(* Let $n\ge 2$, let $i,j\in\{1,\dots,n-1\}$, let $m\ge 1$ be an integer, and let $W\in B_n^+$. If $W\sigma_i^m=\sigma_j^m W$ in $B_n$, then $W\sigma_i=\sigma_j W$ in $B_n$.
   Context: $B_n$ is Artin's braid group with generators $\sigma_1,\dots,\sigma_{n-1}$ and relations $\sigma_i\sigma_j=\sigma_j\sigma_i$ for $|i-j|\ge 2$ and $\sigma_i\sigma_{i+1}\sigma_i=\sigma_{i+1}\sigma_i\sigma_{i+1}$. $B_n^+$ is the submonoid of $B_n$ of elements representable by positive braid words, i.e. words in $\sigma_1,\dots,\sigma_{n-1}$ without inverses. *)

From mathcomp Require Import all_boot.
Set Implicit Arguments. Unset Strict Implicit. Unset Printing Implicit Defensive.

(* Artin generators of B_n: k : 'I_n.-1 encodes sigma_(k+1), so the
   generators sigma_1, ..., sigma_(n-1) are exactly the elements of 'I_n.-1.
   A letter (k, true) is sigma_(k+1), (k, false) is its inverse. *)
Definition bletter (n : nat) := ('I_n.-1 * bool)%type.
Definition bword (n : nat) := seq (bletter n).

Definition binv n (x : bletter n) : bletter n := (x.1, ~~ x.2).

Inductive braid_rel (n : nat) : bword n -> bword n -> Prop :=
| brel_cancel (x : bletter n) : braid_rel [:: x; binv x] [::]
| brel_comm (i j : 'I_n.-1) : (i.+2 <= j)%N || (j.+2 <= i)%N ->
    braid_rel [:: (i, true); (j, true)] [:: (j, true); (i, true)]
| brel_braid (i j : 'I_n.-1) : nat_of_ord j = i.+1 ->
    braid_rel [:: (i, true); (j, true); (i, true)]
              [:: (j, true); (i, true); (j, true)].

Inductive braid_eq (n : nat) : bword n -> bword n -> Prop :=
| beq_refl w : braid_eq w w
| beq_sym u v : braid_eq u v -> braid_eq v u
| beq_trans u v w : braid_eq u v -> braid_eq v w -> braid_eq u w
| beq_rel (u v a b : bword n) : braid_rel a b ->
    braid_eq (u ++ a ++ v) (u ++ b ++ v).

Definition pos_word n (w : seq 'I_n.-1) : bword n := [seq (k, true) | k <- w].

From mathcomp Require Import all_boot zify.
Set Implicit Arguments. Unset Strict Implicit. Unset Printing Implicit Defensive.

(* Garside's argument.  The positive monoid B_n^+ embeds in B_n: the full twist
   Delta^2 is central and Delta^2 sigma_k^-1 is a positive word, so multiplying
   both sides of an equality in B_n by a power of Delta^2 gives an equality in
   B_n^+, from which that power cancels.  B_n^+ is cancellative and any two
   generators have a least common multiple (sigma_a, sigma_a sigma_b or
   sigma_a sigma_b sigma_a); both facts are proved together by induction on the
   length of words.  In B_n^+ the theorem follows by induction on W = sigma_c W':
   if c = j, cancel sigma_c; if sigma_c and sigma_j commute, move sigma_c past
   sigma_j^m and cancel; if they are adjacent, the lcm property forces
   W' = sigma_j Z, and the braid relation reduces the hypothesis to
   Z sigma_i^m = sigma_c^m Z for the shorter word Z. *)

(** * The positive braid monoid *)

(* Positive words over the Artin generators, [a : nat] standing for
   sigma_(a+1); [peq] is equality in the positive braid monoid on infinitely
   many strands. *)

Definition far (a b : nat) := (a.+2 <= b) || (b.+2 <= a).
Definition adjacent (a b : nat) := (b == a.+1) || (a == b.+1).

Ltac gen_lia := unfold far, adjacent in *; lia.

Lemma far_sym a b : far a b -> far b a. Proof. gen_lia. Qed.
Lemma adjacent_sym a b : adjacent a b -> adjacent b a. Proof. gen_lia. Qed.
Lemma far_irr a : ~ far a a. Proof. gen_lia. Qed.
Lemma adjacent_irr a : ~ adjacent a a. Proof. gen_lia. Qed.

Lemma generator_cases a b : [\/ a = b, far a b | adjacent a b].
Proof.
case: (eqVneq a b) => [->|ne]; first by constructor 1.
by case Hf: (far a b); [constructor 2 | constructor 3; move: ne Hf; gen_lia].
Qed.

Inductive pmove : seq nat -> seq nat -> Prop :=
| pmove_comm u v a b : far a b -> pmove (u ++ a :: b :: v) (u ++ b :: a :: v)
| pmove_braid u v a b : adjacent a b ->
    pmove (u ++ a :: b :: a :: v) (u ++ b :: a :: b :: v).

Inductive peq : seq nat -> seq nat -> Prop :=
| peq_refl s : peq s s
| peq_step s t u : pmove s t -> peq t u -> peq s u.

Lemma peq_trans s t u : peq s t -> peq t u -> peq s u.
Proof. by elim=> // {}s t0 u0 st _ IH /IH; apply: peq_step. Qed.

Lemma pmove_peq s t : pmove s t -> peq s t.
Proof. by move=> st; apply: peq_step st (peq_refl _). Qed.

Lemma pmove_sym s t : pmove s t -> pmove t s.
Proof.
by case=> u v a b H; [apply/pmove_comm/far_sym | apply/pmove_braid/adjacent_sym].
Qed.

Lemma peq_sym s t : peq s t -> peq t s.
Proof.
elim=> [s0|{}s t0 u0 st _ IH]; first exact: peq_refl.
exact/(peq_trans IH)/pmove_peq/pmove_sym.
Qed.

Lemma pmove_cat x y s t : pmove s t -> pmove (x ++ s ++ y) (x ++ t ++ y).
Proof.
by case=> u v a b H; rewrite -!catA /= !catA; [apply: pmove_comm | apply: pmove_braid].
Qed.

Lemma peq_cat x y s t : peq s t -> peq (x ++ s ++ y) (x ++ t ++ y).
Proof.
elim=> [s0|{}s t0 u0 st _ IH]; first exact: peq_refl.
exact: peq_step (pmove_cat x y st) IH.
Qed.

Lemma peq_catl x s t : peq s t -> peq (x ++ s) (x ++ t).
Proof. by move/(peq_cat x [::]); rewrite !cats0. Qed.

Lemma peq_catr y s t : peq s t -> peq (s ++ y) (t ++ y).
Proof. exact: peq_cat [::] y s t. Qed.

Lemma peq_cons a s t : peq s t -> peq (a :: s) (a :: t).
Proof. exact: peq_catl [:: a] s t. Qed.

Lemma peq_swap a b s : far a b -> peq [:: a, b & s] [:: b, a & s].
Proof. by move=> H; apply/pmove_peq/(pmove_comm [::]). Qed.

Lemma peq_braid a b s : adjacent a b -> peq [:: a, b, a & s] [:: b, a, b & s].
Proof. by move=> H; apply/pmove_peq/(pmove_braid [::]). Qed.

Lemma size_peq s t : peq s t -> size s = size t.
Proof. by elim=> // {}s t0 u0 [] u v a b _ _ <-; rewrite !size_cat. Qed.

Lemma peq_rev s t : peq s t -> peq (rev s) (rev t).
Proof.
elim=> [s0|{}s t0 u0 st _]; first exact: peq_refl.
apply: peq_step; case: st => u v a b H; rewrite !rev_cat !rev_cons -!cats1 -!catA /=.
- exact/pmove_comm/far_sym.
- exact: pmove_braid.
Qed.

(** * Least common multiples and cancellation *)

(* If [a :: X = b :: Y], this common multiple of [a] and [b] is a multiple of
   their least common multiple [a], [a b] or [a b a]; [through_lcm] records the
   resulting factorisations of [X] and [Y]. *)
Definition through_lcm a b X Y :=
  [/\ a = b -> peq X Y,
      far a b -> exists Z, peq X (b :: Z) /\ peq Y (a :: Z)
    & adjacent a b -> exists Z, peq X [:: b, a & Z] /\ peq Y [:: a, b & Z]].

Lemma through_lcm_sym a b X Y : through_lcm a b X Y -> through_lcm b a Y X.
Proof.
case=> Heq Hfar Hadj; split.
- by move=> E; apply/peq_sym/Heq.
- by move/far_sym/Hfar=> [Z [? ?]]; exists Z.
- by move/adjacent_sym/Hadj=> [Z [? ?]]; exists Z.
Qed.

Lemma through_lcm_peq a b X Y X' Y' :
  peq X X' -> peq Y Y' -> through_lcm a b X Y -> through_lcm a b X' Y'.
Proof.
move=> /peq_sym HX /peq_sym HY [Heq Hfar Hadj]; split.
- by move/Heq=> H; apply: peq_trans HX (peq_trans H (peq_sym HY)).
- by move/Hfar=> [Z [? ?]]; exists Z; split; apply: peq_trans; eassumption.
- by move/Hadj=> [Z [? ?]]; exists Z; split; apply: peq_trans; eassumption.
Qed.

Lemma through_lcm_refl a X : through_lcm a a X X.
Proof. by split=> [_|/far_irr|/adjacent_irr]; first exact: peq_refl. Qed.

Lemma pmove_through_lcm a b X Y : pmove (a :: X) (b :: Y) -> through_lcm a b X Y.
Proof.
move E1: (a :: X) => s; move E2: (b :: Y) => t st.
case: st E1 E2 => [u v x y H|u v x y H]; case: u => [|w u] /= [-> ->] [-> ->].
- split=> [E|_|Hadj]; first by move: H; rewrite E => /far_irr.
  + by exists v; split; apply: peq_refl.
  + by move: H Hadj; gen_lia.
- exact: through_lcm_peq (peq_refl _) (pmove_peq (pmove_comm _ _ H))
           (through_lcm_refl _ _).
- split=> [E|Hfar|_]; first by move: H; rewrite E => /adjacent_irr.
  + by move: H Hfar; gen_lia.
  + by exists v; split; apply: peq_refl.
- exact: through_lcm_peq (peq_refl _) (pmove_peq (pmove_braid _ _ H))
           (through_lcm_refl _ _).
Qed.

Section LcmTransitivity.

Variable d : nat.
Hypothesis lcm_shorter : forall a b X Y,
  size X < d -> peq (a :: X) (b :: Y) -> through_lcm a b X Y.

Lemma through_lcm_trans_far_far a c b X U Y :
  size X = d -> far a c -> far c b ->
  through_lcm a c X U -> through_lcm c b U Y -> through_lcm a b X Y.
Proof.
move=> sX Hac Hcb [_ H1 _] [_ H2 _].
case: (H1 Hac) => Z1 [HX HU]; case: (H2 Hcb) => Z2 [HU2 HY].
have sZ1 : size Z1 < d by move: (size_peq HX); rewrite sX /=; lia.
case: (lcm_shorter sZ1 (peq_trans (peq_sym HU) HU2)) => Heq Hfar Hadj; split.
- move=> Eab; apply: (peq_trans HX); apply: peq_trans (peq_sym HY).
  exact/peq_cons/Heq.
- move=> Hab; case: (Hfar Hab) => Z [HZ1 HZ2]; exists (c :: Z); split.
  + apply: (peq_trans HX); apply: (peq_trans (peq_cons c HZ1)).
    by apply: peq_swap; gen_lia.
  + apply: (peq_trans HY); apply: (peq_trans (peq_cons c HZ2)).
    by apply: peq_swap; gen_lia.
- move=> Hab; case: (Hadj Hab) => Z [HZ1 HZ2]; exists (c :: Z); split.
  + apply: (peq_trans HX); apply: (peq_trans (peq_cons c HZ1)).
    apply: (peq_trans (peq_swap _ Hcb)); apply/peq_cons/peq_swap; gen_lia.
  + apply: (peq_trans HY); apply: (peq_trans (peq_cons c HZ2)).
    apply: (peq_trans (peq_swap _ (far_sym Hac))); apply/peq_cons/peq_swap; gen_lia.
Qed.

Lemma through_lcm_trans_far_adjacent a c b X U Y :
  size X = d -> far a c -> adjacent c b ->
  through_lcm a c X U -> through_lcm c b U Y -> through_lcm a b X Y.
Proof.
move=> sX Hac Hcb [_ H1 _] [_ _ H2].
case: (H1 Hac) => Z1 [HX HU]; case: (H2 Hcb) => Z2 [HU2 HY].
have E := peq_trans (peq_sym HU) HU2.
have sZ1 : size Z1 < d by move: (size_peq HX); rewrite sX /=; lia.
have sZ2 : size Z2 < d by move: (size_peq E); rewrite /=; lia.
case: (lcm_shorter sZ1 E) => _ Hfar Hadj; split.
- by move=> Eab; exfalso; gen_lia.
- move=> Hab; case: (Hfar Hab) => Z [HZ1 HZ2].
  case: (lcm_shorter sZ2 HZ2) => _ /(_ (far_sym Hac)) [Z3 [HZ2' HZ']] _.
  exists [:: c, b & Z3]; split.
  + apply: (peq_trans HX).
    apply: (peq_trans (peq_cons c (peq_trans HZ1 (peq_cons b HZ')))).
    by apply: peq_braid; gen_lia.
  + apply: (peq_trans HY); apply: (peq_trans (peq_cons c (peq_cons b HZ2'))).
    apply: (peq_trans (peq_cons c (peq_swap _ (far_sym Hab)))).
    by apply: peq_swap; gen_lia.
- move=> Hab; case: (Hadj Hab) => Z [HZ1 HZ2].
  case: (lcm_shorter sZ2 HZ2) => _ /(_ (far_sym Hac)) [Z3 [HZ2' HZ']] _.
  have sZ : size Z < d.
    by move: (size_peq HZ') (size_peq HZ2'); rewrite /=; lia.
  case: (lcm_shorter sZ HZ') => _ _ /(_ (adjacent_sym Hcb)) [Z4 [HZ HZ3]].
  exists [:: c, b, a & Z4]; split.
  + apply: (peq_trans HX).
    apply: (peq_trans (peq_cons c (peq_trans HZ1 (peq_cons b (peq_cons a HZ))))).
    apply: (peq_trans (peq_cons c (peq_cons b (peq_swap _ Hac)))).
    apply: (peq_trans (peq_braid _ Hcb)).
    apply: (peq_trans (peq_cons b (peq_cons c (peq_braid _ (adjacent_sym Hab))))).
    by apply: peq_cons; apply: peq_swap; gen_lia.
  + apply: (peq_trans HY).
    apply: (peq_trans (peq_cons c (peq_cons b (peq_trans HZ2' (peq_cons a HZ3))))).
    apply: (peq_trans (peq_cons c (peq_braid _ (adjacent_sym Hab)))).
    apply: (peq_trans (peq_swap _ (far_sym Hac))).
    apply: (peq_trans (peq_cons a (peq_cons c (peq_cons b (peq_swap _ Hac))))).
    by apply: peq_cons; apply: peq_braid; gen_lia.
Qed.

Lemma through_lcm_trans_adjacent_adjacent a c b X U Y :
  size X = d -> adjacent a c -> adjacent c b ->
  through_lcm a c X U -> through_lcm c b U Y -> through_lcm a b X Y.
Proof.
move=> sX Hac Hcb [_ _ H1] [_ _ H2].
case: (H1 Hac) => Z1 [HX HU]; case: (H2 Hcb) => Z2 [HU2 HY].
have E := peq_trans (peq_sym HU) HU2.
have sZ1 : size Z1 < d by move: (size_peq HX); rewrite sX /=; lia.
have sZ2 : size Z2 < d by move: (size_peq E); rewrite /=; lia.
have scZ1 : size (c :: Z1) < d by move: (size_peq HX); rewrite sX /=; lia.
case: (lcm_shorter scZ1 E) => Heq Hfar _; split.
- move=> Eab; subst b.
  case: (lcm_shorter sZ1 (Heq erefl)) => /(_ erefl) HZ _ _.
  apply: (peq_trans HX); apply: peq_trans (peq_sym HY).
  exact/peq_cons/peq_cons/HZ.
- move=> Hab; case: (Hfar Hab) => Z [HZ1 HZ2].
  case: (lcm_shorter sZ1 HZ1) => _ _ /(_ Hcb) [Z5 [HZ1' HZa]].
  case: (lcm_shorter sZ2 HZ2) => _ _ /(_ (adjacent_sym Hac)) [Z6 [HZ2' HZb]].
  have sbZ5 : size (b :: Z5) < d by move: (size_peq HZ1'); rewrite /=; lia.
  have sZ5 : size Z5 < d by move: sbZ5; rewrite /=; lia.
  case: (lcm_shorter sbZ5 (peq_trans (peq_sym HZa) HZb)) => /(_ erefl) E5 _ _.
  case: (lcm_shorter sZ5 E5) => _ /(_ (far_sym Hab)) [Z7 [HZ5 HZ6]] _.
  exists [:: c, a, b, c & Z7]; split.
  + apply: (peq_trans HX).
    apply: (peq_trans (peq_cons c (peq_cons a
              (peq_trans HZ1' (peq_cons b (peq_cons c HZ5)))))).
    apply: (peq_trans (peq_cons c (peq_swap _ Hab))).
    apply: (peq_trans (peq_cons c (peq_cons b (peq_braid _ Hac)))).
    apply: (peq_trans (peq_braid _ Hcb)).
    by apply/peq_cons/peq_cons/peq_swap; gen_lia.
  + apply: (peq_trans HY).
    apply: (peq_trans (peq_cons c (peq_cons b
              (peq_trans HZ2' (peq_cons a (peq_cons c HZ6)))))).
    apply: (peq_trans (peq_cons c (peq_swap _ (far_sym Hab)))).
    apply: (peq_trans (peq_cons c (peq_cons a (peq_braid _ (adjacent_sym Hcb))))).
    by apply: peq_braid; gen_lia.
- by move=> Hab; exfalso; gen_lia.
Qed.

::::::::

Exercise aim: Search the listing for "exfalso" and show every line where it occurs.

Task result:
- by move=> Eab; exfalso; gen_lia.
- by move=> Hab; exfalso; gen_lia.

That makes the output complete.